--- Provided records Enclosed Below ---
Lemma y_sep_slack : 0 < 2 / 3 * y_sep t - alpha_sep t / 2.
Proof.
  apply (pos_of_sep_certificate _ (60 * 1091152025146484375) 2 0
      [68359375000; 402441406250; 1095439453125; 1809040625000; 1869599443750; 1184014938000;
      390817652275; 52853491853]
      7);
    [lra | repeat constructor; lra | discriminate |].
  unfold y_sep, alpha_sep. simpl. field.
Qed.

Lemma s_sep_slack : 0 < 2 * s_sep t - 1 - alpha_sep t.
Proof.
  apply (pos_of_sep_certificate _ (2 * 1230955878368377685546875) 0 0
      [7629394531250; 68664550781250; 274658203125000; 640869140625000; 957485712890625;
      939312042187500; 599903548781250; 245531459625000; 56788551178425; 4992406567811]
      9);
    [lra | repeat constructor; lra | discriminate |].
  unfold s_sep, alpha_sep. simpl. field.
Qed.

Lemma x_sep_pos : 0 < x_sep t.
Proof.
  apply (pos_of_sep_certificate _ (10 * 50906640625) 0 1
      [3906250; 15625000; 23437500; 12709925; 3858237]
      4);
    [lra | repeat constructor; lra | discriminate |].
  unfold x_sep. simpl. field.
Qed.

Lemma welfare_sep_gap :
  (alpha_sep t * y_sep t + v - y_sep t ^ 2) ^ 2
  < 4 * (2 / 3 * y_sep t - alpha_sep t / 2)
      * (Wseg (alpha_sep t) v (x_sep t) 1 - Wfull (alpha_sep t) v (y_sep t)).
Proof.
  apply Rlt_0_minus.
  apply (pos_of_sep_certificate _ (90000 * 60610094979586569553264998830854892730712890625) 8 2
      [72948168963193893432617187500; 1085477601736783981323242187500;
      7669195463880896568298339843750; 34414071868732571601867675781250;
      110429697481004893779754638671875; 269862990201342999935150146484375;
      520646584044252967834472656250000; 808702609399510136032104492187500;
      1020071673230067690765380859375000; 1046481438021478028381958007812500;
      870762187399422675889025878906250; 584303157430859588275294433593750;
      313418819863738263963914082031250; 132572514262898293393946979296875;
      43379647849362328472248443968750; 10681473650239370616323217541250;
      1902198104702897518768583583000; 226852050769890063920753918310;
      14372759941567407410330473011]
      18);
    [lra | repeat constructor; lra | discriminate |].
  rewrite v_def. unfold Wseg, Wfull, alpha_sep, y_sep, x_sep. simpl. field.
Qed.

Lemma profit_sep_gap :
  (-3 * s_sep t ^ 2 + 2 * (1 + alpha_sep t) * s_sep t + (alpha_sep t ^ 2 + 1 - 2 * v)) ^ 2
  < 4 * (2 * s_sep t - 1 - alpha_sep t)
      * (2 * t ^ 6 - (s_sep t ^ 2 - (alpha_sep t ^ 2 + 1 - 2 * v)) * (1 + alpha_sep t - s_sep t)).
Proof.
  apply Rlt_0_minus.
  apply (pos_of_sep_certificate _ (2000 *
      6282808648723181836699263397354830118501922697760164737701416015625) 6 1
      [10800249583553522825241088867187500000; 280806489172391593456268310546875000000;
      3465756890363991260528564453125000000000; 27044153526730951853096485137939453125000;
      149911017781778355129063129425048828125000; 628763342450736672617495059967041015625000;
      2075380103730984192225150763988494873046875; 5536199730937952431850135326385498046875000;
      12164407355023806571168825030326843261718750;
      22329397229582468047965317964553833007812500;
      34613119834938336671318486332893371582031250;
      45681430401385082592691355943679809570312500;
      51640148130620438325151402711868286132812500;
      50198718260191401205805260124206542968750000;
      42034980495704867651434678354263305664062500;
      30300681720518030227751129357421875000000000;
      18740303728611555254459261726842041015625000; 9882900542249133655154673423116796875000000;
      4402495216489328610139818032044433593750000; 1635290494243838060313021558158427500000000;
      497869929474114720562344565651206081250000; 121474747063807118473995860664943910000000;
      23055083618518017229036855629658946350000; 3268121695328385084234941112368922320000;
      325931886900100600012475721258623384800; 20600877175241351755744071465653072000;
      633797906302408782787330283993810272]
      26);
    [lra | repeat constructor; lra | discriminate |].
  rewrite v_def. unfold alpha_sep, s_sep. simpl. field.
Qed.

Lemma moderation_gain_sep_neg : moderation_gain (alpha_sep t) v < 0.
Proof.
  unfold moderation_gain, Wmax.
  assert (b_pos := alpha_sep_pos). assert (Hv := v_pos).
  assert (k_pos := y_sep_slack).
  destruct (ymax_bounds (alpha_sep t) v ltac:(lra) Hv) as [Y0 _].
  pose proof (Wfull_tangent_bound (alpha_sep t) v _ _ Y0 k_pos) as Wmax_le.
  pose proof (Wseg_le_W1 (alpha_sep t) v (x_sep t) ltac:(lra) Hv v_lt_half
                ltac:(pose proof x_sep_pos; lra)) as W1_ge.
  pose proof welfare_sep_gap as gap.
  set (k := 2 / 3 * y_sep t - alpha_sep t / 2) in *.
  assert (k * (Wfull (alpha_sep t) v (ymax (alpha_sep t) v) - Wseg (alpha_sep t) v (x_sep t) 1) < 0)
    by lra.
  nra.
Qed.

Lemma yP_lt_sqrt2v_below_sep (a : R) : 0 <= a < alpha_sep t -> yP a v < sqrt (2 * v).
Proof.
  intros Ha. assert (Hv := v_pos). apply yP_lt_sqrt2v; [lra | lra |].
  assert (c_sq := sqrt2v_sq v ltac:(lra)).
  assert (c_pos : 0 < sqrt (2 * v)) by (apply sqrt_lt_R0; lra).
  assert (b_sq := alpha_sep_sq_lt).
  assert (bc_sq : (alpha_sep t * sqrt (2 * v)) ^ 2 < v ^ 2)
    by (rewrite Rpow_mult_distr, c_sq; nra).
  assert (alpha_sep t * sqrt (2 * v) < v) by nra.
  nra.
Qed.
--- End of Enclosed Provided records ---
What is needed is a verbatim copy of the data, complete from first line to last.

Lemma y_sep_slack : 0 < 2 / 3 * y_sep t - alpha_sep t / 2.
Proof.
  apply (pos_of_sep_certificate _ (60 * 1091152025146484375) 2 0
      [68359375000; 402441406250; 1095439453125; 1809040625000; 1869599443750; 1184014938000;
      390817652275; 52853491853]
      7);
    [lra | repeat constructor; lra | discriminate |].
  unfold y_sep, alpha_sep. simpl. field.
Qed.

Lemma s_sep_slack : 0 < 2 * s_sep t - 1 - alpha_sep t.
Proof.
  apply (pos_of_sep_certificate _ (2 * 1230955878368377685546875) 0 0
      [7629394531250; 68664550781250; 274658203125000; 640869140625000; 957485712890625;
      939312042187500; 599903548781250; 245531459625000; 56788551178425; 4992406567811]
      9);
    [lra | repeat constructor; lra | discriminate |].
  unfold s_sep, alpha_sep. simpl. field.
Qed.

Lemma x_sep_pos : 0 < x_sep t.
Proof.
  apply (pos_of_sep_certificate _ (10 * 50906640625) 0 1
      [3906250; 15625000; 23437500; 12709925; 3858237]
      4);
    [lra | repeat constructor; lra | discriminate |].
  unfold x_sep. simpl. field.
Qed.

Lemma welfare_sep_gap :
  (alpha_sep t * y_sep t + v - y_sep t ^ 2) ^ 2
  < 4 * (2 / 3 * y_sep t - alpha_sep t / 2)
      * (Wseg (alpha_sep t) v (x_sep t) 1 - Wfull (alpha_sep t) v (y_sep t)).
Proof.
  apply Rlt_0_minus.
  apply (pos_of_sep_certificate _ (90000 * 60610094979586569553264998830854892730712890625) 8 2
      [72948168963193893432617187500; 1085477601736783981323242187500;
      7669195463880896568298339843750; 34414071868732571601867675781250;
      110429697481004893779754638671875; 269862990201342999935150146484375;
      520646584044252967834472656250000; 808702609399510136032104492187500;
      1020071673230067690765380859375000; 1046481438021478028381958007812500;
      870762187399422675889025878906250; 584303157430859588275294433593750;
      313418819863738263963914082031250; 132572514262898293393946979296875;
      43379647849362328472248443968750; 10681473650239370616323217541250;
      1902198104702897518768583583000; 226852050769890063920753918310;
      14372759941567407410330473011]
      18);
    [lra | repeat constructor; lra | discriminate |].
  rewrite v_def. unfold Wseg, Wfull, alpha_sep, y_sep, x_sep. simpl. field.
Qed.

Lemma profit_sep_gap :
  (-3 * s_sep t ^ 2 + 2 * (1 + alpha_sep t) * s_sep t + (alpha_sep t ^ 2 + 1 - 2 * v)) ^ 2
  < 4 * (2 * s_sep t - 1 - alpha_sep t)
      * (2 * t ^ 6 - (s_sep t ^ 2 - (alpha_sep t ^ 2 + 1 - 2 * v)) * (1 + alpha_sep t - s_sep t)).
Proof.
  apply Rlt_0_minus.
  apply (pos_of_sep_certificate _ (2000 *
      6282808648723181836699263397354830118501922697760164737701416015625) 6 1
      [10800249583553522825241088867187500000; 280806489172391593456268310546875000000;
      3465756890363991260528564453125000000000; 27044153526730951853096485137939453125000;
      149911017781778355129063129425048828125000; 628763342450736672617495059967041015625000;
      2075380103730984192225150763988494873046875; 5536199730937952431850135326385498046875000;
      12164407355023806571168825030326843261718750;
      22329397229582468047965317964553833007812500;
      34613119834938336671318486332893371582031250;
      45681430401385082592691355943679809570312500;
      51640148130620438325151402711868286132812500;
      50198718260191401205805260124206542968750000;
      42034980495704867651434678354263305664062500;
      30300681720518030227751129357421875000000000;
      18740303728611555254459261726842041015625000; 9882900542249133655154673423116796875000000;
      4402495216489328610139818032044433593750000; 1635290494243838060313021558158427500000000;
      497869929474114720562344565651206081250000; 121474747063807118473995860664943910000000;
      23055083618518017229036855629658946350000; 3268121695328385084234941112368922320000;
      325931886900100600012475721258623384800; 20600877175241351755744071465653072000;
      633797906302408782787330283993810272]
      26);
    [lra | repeat constructor; lra | discriminate |].
  rewrite v_def. unfold alpha_sep, s_sep. simpl. field.
Qed.

Lemma moderation_gain_sep_neg : moderation_gain (alpha_sep t) v < 0.
Proof.
  unfold moderation_gain, Wmax.
  assert (b_pos := alpha_sep_pos). assert (Hv := v_pos).
  assert (k_pos := y_sep_slack).
  destruct (ymax_bounds (alpha_sep t) v ltac:(lra) Hv) as [Y0 _].
  pose proof (Wfull_tangent_bound (alpha_sep t) v _ _ Y0 k_pos) as Wmax_le.
  pose proof (Wseg_le_W1 (alpha_sep t) v (x_sep t) ltac:(lra) Hv v_lt_half
                ltac:(pose proof x_sep_pos; lra)) as W1_ge.
  pose proof welfare_sep_gap as gap.
  set (k := 2 / 3 * y_sep t - alpha_sep t / 2) in *.
  assert (k * (Wfull (alpha_sep t) v (ymax (alpha_sep t) v) - Wseg (alpha_sep t) v (x_sep t) 1) < 0)
    by lra.
  nra.
Qed.

Lemma yP_lt_sqrt2v_below_sep (a : R) : 0 <= a < alpha_sep t -> yP a v < sqrt (2 * v).
Proof.
  intros Ha. assert (Hv := v_pos). apply yP_lt_sqrt2v; [lra | lra |].
  assert (c_sq := sqrt2v_sq v ltac:(lra)).
  assert (c_pos : 0 < sqrt (2 * v)) by (apply sqrt_lt_R0; lra).
  assert (b_sq := alpha_sep_sq_lt).
  assert (bc_sq : (alpha_sep t * sqrt (2 * v)) ^ 2 < v ^ 2)
    by (rewrite Rpow_mult_distr, c_sq; nra).
  assert (alpha_sep t * sqrt (2 * v) < v) by nra.
  nra.
Qed.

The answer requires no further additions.